Dataset entries ->
▶

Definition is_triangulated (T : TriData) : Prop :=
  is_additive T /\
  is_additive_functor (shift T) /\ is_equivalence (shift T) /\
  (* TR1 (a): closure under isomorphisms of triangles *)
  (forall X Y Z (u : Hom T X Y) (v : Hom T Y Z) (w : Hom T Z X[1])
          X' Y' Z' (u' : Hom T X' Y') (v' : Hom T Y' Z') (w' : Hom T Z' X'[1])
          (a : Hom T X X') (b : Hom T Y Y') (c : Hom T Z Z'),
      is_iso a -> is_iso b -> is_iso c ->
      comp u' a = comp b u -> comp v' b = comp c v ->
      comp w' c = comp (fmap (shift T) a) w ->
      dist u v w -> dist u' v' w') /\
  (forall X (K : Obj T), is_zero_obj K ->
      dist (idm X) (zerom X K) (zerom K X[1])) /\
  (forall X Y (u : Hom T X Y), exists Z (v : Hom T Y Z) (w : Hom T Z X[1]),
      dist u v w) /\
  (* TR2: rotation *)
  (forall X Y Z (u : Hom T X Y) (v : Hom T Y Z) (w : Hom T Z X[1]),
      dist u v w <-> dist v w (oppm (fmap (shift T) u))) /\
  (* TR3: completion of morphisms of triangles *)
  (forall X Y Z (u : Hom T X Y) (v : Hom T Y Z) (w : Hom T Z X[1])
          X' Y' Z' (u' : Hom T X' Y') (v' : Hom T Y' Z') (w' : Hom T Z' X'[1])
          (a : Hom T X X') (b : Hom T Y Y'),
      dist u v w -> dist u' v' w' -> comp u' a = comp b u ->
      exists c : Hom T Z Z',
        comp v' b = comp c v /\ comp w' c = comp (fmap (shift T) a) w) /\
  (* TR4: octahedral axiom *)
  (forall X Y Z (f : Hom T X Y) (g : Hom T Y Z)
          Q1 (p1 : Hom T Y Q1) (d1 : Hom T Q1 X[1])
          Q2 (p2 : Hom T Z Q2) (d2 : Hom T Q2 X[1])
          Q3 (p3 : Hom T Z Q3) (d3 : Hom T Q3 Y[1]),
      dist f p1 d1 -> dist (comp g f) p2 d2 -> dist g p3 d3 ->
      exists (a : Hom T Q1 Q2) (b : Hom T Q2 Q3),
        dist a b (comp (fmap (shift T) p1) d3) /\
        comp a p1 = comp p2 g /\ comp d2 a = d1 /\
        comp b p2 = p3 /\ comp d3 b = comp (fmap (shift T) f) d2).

◀
▶

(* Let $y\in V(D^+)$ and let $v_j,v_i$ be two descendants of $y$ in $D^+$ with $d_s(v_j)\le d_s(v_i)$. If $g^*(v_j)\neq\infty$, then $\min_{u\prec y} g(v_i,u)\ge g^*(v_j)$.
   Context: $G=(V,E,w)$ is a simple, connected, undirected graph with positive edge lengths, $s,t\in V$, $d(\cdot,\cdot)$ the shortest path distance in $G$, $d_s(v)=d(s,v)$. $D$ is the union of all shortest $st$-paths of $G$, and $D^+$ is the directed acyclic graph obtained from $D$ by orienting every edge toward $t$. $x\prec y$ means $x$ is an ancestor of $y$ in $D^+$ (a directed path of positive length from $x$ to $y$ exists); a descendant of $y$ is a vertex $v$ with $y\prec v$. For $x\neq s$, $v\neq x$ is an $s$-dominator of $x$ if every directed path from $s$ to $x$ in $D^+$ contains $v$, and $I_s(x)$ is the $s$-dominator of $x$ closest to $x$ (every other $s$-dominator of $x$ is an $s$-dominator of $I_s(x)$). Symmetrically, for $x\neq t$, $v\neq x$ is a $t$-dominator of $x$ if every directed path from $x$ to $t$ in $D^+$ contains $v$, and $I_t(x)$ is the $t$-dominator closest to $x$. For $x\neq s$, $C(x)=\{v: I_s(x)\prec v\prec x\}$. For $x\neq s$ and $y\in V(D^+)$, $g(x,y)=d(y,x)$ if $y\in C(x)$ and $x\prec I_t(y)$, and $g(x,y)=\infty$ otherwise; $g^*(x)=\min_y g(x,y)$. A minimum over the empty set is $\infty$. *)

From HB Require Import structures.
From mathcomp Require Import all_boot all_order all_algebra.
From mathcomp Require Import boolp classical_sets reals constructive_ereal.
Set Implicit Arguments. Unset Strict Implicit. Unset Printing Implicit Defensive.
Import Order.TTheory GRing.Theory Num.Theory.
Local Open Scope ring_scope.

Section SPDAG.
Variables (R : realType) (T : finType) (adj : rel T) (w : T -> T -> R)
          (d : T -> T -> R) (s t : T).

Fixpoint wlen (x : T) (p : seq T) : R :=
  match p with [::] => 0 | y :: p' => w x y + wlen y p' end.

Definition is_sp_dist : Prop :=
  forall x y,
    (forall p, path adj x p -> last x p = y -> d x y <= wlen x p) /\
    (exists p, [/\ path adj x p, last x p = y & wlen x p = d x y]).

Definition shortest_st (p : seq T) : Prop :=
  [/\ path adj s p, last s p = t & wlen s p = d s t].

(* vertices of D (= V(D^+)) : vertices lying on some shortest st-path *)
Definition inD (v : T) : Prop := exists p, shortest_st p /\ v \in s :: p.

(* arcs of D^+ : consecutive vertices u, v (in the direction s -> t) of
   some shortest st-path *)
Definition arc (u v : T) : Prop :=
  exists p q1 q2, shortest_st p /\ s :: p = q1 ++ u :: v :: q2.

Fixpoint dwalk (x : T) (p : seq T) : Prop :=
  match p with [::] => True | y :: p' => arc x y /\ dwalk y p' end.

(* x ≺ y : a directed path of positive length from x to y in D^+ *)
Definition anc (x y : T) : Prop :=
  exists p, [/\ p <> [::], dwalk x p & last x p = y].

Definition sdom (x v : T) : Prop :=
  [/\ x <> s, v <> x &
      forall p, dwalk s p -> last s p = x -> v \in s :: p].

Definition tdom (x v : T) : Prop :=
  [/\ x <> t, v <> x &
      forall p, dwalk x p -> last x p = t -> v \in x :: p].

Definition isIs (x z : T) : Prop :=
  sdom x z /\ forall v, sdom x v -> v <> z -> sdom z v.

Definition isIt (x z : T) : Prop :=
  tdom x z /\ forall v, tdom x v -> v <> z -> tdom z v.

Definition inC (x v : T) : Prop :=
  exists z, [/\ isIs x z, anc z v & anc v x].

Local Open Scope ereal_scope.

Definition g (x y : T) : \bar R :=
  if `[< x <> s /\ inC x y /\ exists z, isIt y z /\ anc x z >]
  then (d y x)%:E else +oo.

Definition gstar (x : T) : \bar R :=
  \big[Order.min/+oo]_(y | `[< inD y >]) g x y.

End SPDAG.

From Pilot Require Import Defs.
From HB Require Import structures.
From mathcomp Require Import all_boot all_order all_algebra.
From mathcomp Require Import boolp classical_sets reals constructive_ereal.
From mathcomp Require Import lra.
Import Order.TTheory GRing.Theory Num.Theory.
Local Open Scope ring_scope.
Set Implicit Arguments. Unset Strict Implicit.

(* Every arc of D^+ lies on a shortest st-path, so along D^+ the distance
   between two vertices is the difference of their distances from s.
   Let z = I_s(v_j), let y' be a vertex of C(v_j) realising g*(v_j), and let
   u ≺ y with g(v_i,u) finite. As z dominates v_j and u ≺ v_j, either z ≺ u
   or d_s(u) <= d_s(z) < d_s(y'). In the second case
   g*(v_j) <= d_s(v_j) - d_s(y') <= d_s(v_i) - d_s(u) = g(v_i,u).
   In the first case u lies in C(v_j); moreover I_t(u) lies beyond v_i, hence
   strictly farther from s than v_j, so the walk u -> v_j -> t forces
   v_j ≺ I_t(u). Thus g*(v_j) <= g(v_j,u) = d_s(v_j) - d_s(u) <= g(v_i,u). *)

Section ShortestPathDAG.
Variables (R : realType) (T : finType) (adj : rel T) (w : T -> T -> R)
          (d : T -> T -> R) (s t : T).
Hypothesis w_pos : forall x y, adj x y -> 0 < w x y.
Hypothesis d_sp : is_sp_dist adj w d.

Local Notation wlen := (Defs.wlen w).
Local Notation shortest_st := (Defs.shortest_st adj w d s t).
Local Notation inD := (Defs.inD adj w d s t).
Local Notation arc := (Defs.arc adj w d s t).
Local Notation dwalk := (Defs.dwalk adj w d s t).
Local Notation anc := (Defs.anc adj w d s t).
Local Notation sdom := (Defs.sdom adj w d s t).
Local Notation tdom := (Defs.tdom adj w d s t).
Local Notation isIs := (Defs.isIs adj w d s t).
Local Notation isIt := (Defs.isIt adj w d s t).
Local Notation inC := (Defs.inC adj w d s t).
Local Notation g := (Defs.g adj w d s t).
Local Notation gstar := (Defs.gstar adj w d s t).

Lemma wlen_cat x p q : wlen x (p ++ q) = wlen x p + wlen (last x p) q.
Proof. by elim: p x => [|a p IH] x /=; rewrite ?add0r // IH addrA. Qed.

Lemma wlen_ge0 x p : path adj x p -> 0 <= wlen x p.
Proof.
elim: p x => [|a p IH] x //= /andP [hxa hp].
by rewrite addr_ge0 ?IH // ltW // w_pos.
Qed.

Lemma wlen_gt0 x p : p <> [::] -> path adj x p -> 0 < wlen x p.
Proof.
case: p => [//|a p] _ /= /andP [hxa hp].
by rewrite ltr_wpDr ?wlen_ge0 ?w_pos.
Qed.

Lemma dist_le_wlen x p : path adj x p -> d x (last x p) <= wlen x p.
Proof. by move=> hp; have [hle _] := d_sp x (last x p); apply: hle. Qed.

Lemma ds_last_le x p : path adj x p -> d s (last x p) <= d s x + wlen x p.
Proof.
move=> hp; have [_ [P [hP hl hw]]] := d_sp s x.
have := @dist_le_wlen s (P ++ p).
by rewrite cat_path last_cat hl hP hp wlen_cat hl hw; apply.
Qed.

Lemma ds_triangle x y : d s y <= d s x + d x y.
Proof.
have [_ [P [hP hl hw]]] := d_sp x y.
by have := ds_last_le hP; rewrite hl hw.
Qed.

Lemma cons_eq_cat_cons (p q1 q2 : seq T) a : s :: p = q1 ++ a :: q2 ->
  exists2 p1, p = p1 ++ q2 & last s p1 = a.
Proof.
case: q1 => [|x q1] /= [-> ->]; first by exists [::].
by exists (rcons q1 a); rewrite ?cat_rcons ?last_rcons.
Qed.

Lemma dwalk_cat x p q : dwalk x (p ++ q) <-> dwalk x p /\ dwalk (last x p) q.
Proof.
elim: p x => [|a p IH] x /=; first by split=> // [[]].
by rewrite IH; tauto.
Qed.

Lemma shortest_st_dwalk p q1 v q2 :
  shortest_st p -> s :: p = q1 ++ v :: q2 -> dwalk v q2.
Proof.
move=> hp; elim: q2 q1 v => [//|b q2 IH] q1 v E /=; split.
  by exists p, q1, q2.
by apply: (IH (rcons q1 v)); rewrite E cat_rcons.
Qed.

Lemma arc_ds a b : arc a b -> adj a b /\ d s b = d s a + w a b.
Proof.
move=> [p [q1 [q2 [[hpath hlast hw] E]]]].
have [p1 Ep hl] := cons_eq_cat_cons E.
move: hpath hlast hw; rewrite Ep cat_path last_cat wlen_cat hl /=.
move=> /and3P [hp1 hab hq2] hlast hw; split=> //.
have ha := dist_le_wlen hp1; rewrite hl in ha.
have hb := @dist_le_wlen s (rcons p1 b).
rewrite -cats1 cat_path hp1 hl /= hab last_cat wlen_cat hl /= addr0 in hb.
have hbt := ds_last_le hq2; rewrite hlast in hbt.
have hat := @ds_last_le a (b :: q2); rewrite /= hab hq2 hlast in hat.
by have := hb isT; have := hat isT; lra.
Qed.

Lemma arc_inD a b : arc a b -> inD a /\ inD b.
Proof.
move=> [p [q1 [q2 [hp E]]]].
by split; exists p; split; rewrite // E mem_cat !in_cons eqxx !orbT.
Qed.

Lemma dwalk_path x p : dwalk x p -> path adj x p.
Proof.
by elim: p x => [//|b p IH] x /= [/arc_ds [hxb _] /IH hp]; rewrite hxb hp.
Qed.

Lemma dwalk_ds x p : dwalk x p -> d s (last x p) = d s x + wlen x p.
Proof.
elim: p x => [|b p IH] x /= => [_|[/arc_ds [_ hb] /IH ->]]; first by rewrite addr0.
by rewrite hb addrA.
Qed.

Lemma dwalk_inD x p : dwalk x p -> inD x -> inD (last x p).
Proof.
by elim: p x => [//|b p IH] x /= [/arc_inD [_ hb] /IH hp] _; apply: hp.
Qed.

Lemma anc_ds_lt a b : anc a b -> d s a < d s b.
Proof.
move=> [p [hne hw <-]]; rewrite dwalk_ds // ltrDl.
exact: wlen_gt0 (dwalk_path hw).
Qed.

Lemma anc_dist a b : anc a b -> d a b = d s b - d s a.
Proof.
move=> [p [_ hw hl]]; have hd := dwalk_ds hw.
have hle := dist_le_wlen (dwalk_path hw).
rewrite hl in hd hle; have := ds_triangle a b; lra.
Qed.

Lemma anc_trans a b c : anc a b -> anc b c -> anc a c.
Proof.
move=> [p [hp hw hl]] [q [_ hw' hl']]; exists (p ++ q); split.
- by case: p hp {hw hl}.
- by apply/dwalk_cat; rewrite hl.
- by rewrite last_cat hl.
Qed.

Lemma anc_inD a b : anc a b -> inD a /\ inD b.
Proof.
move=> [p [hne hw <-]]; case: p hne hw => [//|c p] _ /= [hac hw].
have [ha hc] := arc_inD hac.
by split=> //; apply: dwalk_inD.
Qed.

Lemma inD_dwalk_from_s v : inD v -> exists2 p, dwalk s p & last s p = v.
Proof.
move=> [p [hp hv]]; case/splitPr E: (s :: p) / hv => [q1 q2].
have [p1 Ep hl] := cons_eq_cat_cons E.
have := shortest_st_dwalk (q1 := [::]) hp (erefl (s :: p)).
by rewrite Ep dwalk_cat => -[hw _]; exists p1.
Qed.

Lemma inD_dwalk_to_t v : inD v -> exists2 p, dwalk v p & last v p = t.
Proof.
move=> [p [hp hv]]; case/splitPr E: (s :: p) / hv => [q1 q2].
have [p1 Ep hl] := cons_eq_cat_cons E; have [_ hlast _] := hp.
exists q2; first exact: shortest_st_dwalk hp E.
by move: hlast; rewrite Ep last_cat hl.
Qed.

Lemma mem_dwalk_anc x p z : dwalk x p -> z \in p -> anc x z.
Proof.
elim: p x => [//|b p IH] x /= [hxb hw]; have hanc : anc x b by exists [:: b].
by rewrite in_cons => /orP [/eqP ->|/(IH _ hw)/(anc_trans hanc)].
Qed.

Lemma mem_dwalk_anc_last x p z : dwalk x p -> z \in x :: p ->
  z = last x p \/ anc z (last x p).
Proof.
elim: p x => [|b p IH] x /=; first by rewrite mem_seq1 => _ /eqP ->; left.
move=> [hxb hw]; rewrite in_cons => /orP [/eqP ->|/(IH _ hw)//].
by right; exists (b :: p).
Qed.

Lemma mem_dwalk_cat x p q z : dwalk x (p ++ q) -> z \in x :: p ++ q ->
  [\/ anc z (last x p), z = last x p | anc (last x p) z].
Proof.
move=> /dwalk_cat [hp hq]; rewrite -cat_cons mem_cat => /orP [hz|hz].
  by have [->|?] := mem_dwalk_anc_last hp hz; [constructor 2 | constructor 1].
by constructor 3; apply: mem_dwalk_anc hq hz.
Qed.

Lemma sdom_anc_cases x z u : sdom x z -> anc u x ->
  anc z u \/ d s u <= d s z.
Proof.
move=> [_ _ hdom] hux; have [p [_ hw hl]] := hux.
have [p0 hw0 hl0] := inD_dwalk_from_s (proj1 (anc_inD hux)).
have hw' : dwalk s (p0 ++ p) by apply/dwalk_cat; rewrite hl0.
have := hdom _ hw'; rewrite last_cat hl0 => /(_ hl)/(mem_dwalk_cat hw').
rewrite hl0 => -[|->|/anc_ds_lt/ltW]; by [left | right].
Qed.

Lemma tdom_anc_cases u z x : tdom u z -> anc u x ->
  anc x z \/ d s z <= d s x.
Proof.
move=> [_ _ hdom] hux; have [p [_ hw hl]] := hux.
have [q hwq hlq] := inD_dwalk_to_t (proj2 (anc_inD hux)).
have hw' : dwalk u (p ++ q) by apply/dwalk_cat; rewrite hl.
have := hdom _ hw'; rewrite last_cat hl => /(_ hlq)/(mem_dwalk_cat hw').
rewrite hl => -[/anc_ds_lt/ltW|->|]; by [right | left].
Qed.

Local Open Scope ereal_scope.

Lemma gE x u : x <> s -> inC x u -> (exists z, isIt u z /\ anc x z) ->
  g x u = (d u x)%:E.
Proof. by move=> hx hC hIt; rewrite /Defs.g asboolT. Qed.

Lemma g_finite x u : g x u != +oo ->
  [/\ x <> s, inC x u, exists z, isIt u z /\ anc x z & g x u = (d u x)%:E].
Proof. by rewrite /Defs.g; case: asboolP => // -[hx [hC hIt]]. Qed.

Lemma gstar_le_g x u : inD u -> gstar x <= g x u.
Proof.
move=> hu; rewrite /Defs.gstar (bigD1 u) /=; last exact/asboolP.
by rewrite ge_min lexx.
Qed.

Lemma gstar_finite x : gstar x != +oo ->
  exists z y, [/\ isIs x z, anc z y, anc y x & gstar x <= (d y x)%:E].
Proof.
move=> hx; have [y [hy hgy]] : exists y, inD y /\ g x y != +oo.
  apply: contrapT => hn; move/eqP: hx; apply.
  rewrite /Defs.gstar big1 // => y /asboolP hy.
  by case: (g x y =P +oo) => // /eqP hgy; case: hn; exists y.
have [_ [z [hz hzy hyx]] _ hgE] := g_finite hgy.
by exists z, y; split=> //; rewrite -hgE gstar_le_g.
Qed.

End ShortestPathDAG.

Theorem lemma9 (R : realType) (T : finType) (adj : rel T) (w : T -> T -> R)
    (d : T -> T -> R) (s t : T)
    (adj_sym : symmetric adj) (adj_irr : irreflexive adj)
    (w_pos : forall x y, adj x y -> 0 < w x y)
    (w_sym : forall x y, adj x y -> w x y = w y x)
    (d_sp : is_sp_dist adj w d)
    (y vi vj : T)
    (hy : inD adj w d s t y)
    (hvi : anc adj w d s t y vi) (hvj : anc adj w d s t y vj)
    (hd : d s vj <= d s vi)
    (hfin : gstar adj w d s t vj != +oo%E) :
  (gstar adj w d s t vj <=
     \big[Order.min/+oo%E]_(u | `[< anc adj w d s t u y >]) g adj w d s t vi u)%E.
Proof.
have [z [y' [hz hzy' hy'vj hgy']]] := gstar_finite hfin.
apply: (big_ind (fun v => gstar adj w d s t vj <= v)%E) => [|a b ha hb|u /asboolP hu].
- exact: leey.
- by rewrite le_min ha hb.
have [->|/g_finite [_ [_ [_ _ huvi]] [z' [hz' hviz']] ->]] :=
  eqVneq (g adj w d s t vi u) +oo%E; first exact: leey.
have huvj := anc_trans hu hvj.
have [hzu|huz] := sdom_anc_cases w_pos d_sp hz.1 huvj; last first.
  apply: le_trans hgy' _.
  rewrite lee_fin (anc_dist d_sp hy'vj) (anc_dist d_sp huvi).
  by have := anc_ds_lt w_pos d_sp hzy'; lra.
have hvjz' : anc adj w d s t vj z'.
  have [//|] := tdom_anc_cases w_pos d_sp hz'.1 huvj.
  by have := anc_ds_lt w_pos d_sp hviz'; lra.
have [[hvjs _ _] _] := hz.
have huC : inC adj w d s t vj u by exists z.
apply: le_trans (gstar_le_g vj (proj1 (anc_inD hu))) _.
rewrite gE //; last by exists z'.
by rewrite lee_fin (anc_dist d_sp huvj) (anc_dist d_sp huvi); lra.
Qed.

◀

Assigned task -> Write down exactly the span of lines above from the one containing "Definition is_triangulated (T" to the one containing "(forall X (K : Obj T), is_zero_obj K ->", both ends included.

Solution to the problem ->
Definition is_triangulated (T : TriData) : Prop :=
  is_additive T /\
  is_additive_functor (shift T) /\ is_equivalence (shift T) /\
  (* TR1 (a): closure under isomorphisms of triangles *)
  (forall X Y Z (u : Hom T X Y) (v : Hom T Y Z) (w : Hom T Z X[1])
          X' Y' Z' (u' : Hom T X' Y') (v' : Hom T Y' Z') (w' : Hom T Z' X'[1])
          (a : Hom T X X') (b : Hom T Y Y') (c : Hom T Z Z'),
      is_iso a -> is_iso b -> is_iso c ->
      comp u' a = comp b u -> comp v' b = comp c v ->
      comp w' c = comp (fmap (shift T) a) w ->
      dist u v w -> dist u' v' w') /\
  (forall X (K : Obj T), is_zero_obj K ->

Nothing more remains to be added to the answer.